◆ Stored data:
┌──

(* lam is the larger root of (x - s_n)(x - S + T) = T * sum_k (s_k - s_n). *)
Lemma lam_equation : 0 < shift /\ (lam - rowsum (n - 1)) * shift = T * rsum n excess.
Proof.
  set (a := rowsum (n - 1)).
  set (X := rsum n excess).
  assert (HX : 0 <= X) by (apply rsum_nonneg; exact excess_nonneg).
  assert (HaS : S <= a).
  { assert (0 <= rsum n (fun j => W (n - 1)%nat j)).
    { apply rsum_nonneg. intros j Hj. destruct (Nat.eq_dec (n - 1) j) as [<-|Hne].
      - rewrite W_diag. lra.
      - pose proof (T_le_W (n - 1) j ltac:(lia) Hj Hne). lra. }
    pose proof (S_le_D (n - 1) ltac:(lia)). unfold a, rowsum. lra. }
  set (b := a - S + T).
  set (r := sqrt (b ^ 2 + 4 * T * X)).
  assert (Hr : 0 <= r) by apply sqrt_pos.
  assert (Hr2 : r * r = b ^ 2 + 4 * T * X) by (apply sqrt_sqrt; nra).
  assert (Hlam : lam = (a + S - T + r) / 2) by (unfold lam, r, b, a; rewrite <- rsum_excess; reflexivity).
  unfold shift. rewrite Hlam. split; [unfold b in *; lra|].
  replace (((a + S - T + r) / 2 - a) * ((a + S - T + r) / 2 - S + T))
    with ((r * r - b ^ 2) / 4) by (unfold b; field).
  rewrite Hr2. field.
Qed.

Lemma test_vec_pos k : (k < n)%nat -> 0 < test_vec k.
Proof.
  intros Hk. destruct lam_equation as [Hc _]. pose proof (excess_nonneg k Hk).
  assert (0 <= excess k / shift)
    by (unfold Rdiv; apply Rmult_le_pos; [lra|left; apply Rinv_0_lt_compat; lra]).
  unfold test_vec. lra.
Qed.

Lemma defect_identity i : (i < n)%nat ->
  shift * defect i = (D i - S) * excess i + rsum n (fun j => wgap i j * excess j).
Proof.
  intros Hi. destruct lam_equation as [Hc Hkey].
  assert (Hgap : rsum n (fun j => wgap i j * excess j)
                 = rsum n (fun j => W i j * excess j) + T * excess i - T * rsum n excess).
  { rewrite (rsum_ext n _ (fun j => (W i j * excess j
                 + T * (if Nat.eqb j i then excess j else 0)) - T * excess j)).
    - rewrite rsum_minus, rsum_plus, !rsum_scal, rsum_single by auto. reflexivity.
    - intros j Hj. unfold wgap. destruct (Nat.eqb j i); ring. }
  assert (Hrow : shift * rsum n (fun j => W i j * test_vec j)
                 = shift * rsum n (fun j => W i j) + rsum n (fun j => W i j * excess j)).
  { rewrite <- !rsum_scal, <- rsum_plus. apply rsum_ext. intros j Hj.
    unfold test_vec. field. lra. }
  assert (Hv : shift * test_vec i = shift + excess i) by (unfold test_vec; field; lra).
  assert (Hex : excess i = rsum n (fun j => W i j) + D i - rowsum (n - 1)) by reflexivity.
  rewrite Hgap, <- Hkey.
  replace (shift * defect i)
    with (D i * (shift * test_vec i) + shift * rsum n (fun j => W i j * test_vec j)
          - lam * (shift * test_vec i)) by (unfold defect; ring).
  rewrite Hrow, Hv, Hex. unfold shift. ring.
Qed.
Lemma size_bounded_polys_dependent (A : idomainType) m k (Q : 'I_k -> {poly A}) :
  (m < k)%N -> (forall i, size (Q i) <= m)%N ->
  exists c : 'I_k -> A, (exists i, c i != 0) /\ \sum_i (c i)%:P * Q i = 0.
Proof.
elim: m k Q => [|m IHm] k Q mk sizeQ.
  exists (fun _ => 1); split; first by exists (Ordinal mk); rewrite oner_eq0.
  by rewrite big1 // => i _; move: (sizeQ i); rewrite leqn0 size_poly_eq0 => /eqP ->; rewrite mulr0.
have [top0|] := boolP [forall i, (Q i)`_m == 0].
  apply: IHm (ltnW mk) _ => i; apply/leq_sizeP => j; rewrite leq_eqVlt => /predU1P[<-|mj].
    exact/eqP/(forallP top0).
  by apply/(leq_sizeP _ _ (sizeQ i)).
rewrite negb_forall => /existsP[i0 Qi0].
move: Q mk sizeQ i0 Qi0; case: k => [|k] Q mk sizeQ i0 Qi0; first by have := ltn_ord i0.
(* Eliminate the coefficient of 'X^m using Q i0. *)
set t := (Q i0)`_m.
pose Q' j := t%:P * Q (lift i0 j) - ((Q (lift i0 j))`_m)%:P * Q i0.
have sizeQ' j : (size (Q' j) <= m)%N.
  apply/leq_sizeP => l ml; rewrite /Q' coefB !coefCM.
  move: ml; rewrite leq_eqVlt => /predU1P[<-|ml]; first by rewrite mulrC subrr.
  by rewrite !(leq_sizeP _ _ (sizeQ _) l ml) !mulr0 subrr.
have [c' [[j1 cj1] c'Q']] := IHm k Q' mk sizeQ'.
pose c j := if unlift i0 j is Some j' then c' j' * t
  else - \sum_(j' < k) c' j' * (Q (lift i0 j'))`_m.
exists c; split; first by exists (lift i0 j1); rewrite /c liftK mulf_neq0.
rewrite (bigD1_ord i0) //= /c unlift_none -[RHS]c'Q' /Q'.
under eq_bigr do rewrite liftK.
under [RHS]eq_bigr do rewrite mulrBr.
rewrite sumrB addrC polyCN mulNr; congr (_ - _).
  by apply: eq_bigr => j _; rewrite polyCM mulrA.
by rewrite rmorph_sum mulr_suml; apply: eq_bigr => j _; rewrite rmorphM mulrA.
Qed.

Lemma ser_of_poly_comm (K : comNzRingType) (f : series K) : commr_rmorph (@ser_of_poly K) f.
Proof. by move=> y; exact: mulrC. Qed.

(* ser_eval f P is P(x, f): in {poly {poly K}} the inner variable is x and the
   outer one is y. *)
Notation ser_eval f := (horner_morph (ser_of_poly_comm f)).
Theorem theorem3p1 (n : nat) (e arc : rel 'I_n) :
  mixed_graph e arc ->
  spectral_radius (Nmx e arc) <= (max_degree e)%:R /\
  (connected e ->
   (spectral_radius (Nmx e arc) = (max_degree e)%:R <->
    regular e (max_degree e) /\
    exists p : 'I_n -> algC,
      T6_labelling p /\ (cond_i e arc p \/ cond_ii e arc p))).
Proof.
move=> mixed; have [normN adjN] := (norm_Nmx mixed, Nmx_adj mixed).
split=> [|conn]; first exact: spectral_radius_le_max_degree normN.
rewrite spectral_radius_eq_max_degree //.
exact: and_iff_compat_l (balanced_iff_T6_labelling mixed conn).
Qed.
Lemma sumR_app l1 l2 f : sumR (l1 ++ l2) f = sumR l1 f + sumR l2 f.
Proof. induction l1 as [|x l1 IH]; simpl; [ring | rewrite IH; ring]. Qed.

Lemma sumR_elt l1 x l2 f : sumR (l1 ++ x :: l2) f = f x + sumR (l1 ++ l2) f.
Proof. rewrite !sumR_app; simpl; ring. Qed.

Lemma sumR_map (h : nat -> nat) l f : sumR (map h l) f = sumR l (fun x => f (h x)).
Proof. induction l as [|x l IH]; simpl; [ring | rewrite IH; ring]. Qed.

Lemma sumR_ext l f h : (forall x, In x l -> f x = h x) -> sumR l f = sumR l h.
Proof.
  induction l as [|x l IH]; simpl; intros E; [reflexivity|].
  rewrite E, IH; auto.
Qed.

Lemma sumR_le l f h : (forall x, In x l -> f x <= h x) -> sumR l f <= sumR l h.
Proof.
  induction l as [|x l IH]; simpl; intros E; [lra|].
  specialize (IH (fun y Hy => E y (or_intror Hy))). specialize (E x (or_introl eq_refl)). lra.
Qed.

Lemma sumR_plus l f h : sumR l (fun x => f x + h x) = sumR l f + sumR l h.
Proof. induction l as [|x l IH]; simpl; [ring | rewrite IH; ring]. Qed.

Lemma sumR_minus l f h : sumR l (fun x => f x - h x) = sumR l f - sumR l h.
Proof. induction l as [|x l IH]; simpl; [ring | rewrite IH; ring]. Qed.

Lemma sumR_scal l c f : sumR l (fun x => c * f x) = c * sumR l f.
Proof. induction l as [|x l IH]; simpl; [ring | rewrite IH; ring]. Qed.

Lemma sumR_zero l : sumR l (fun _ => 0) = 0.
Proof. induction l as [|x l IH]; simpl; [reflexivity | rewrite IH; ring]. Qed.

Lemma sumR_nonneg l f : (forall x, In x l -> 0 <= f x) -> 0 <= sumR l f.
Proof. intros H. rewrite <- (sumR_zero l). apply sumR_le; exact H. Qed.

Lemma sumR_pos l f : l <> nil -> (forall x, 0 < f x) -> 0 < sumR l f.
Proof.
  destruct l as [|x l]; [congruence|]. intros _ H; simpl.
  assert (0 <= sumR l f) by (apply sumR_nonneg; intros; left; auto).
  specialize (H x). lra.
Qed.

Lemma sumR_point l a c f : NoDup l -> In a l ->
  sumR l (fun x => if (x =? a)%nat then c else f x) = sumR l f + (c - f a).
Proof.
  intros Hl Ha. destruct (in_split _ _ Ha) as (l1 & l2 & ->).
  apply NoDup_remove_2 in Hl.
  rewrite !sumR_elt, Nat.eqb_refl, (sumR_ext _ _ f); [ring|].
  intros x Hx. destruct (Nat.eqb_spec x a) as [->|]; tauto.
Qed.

└──

State the number of lines in the records above that contain the string "pose", and give nothing else.

5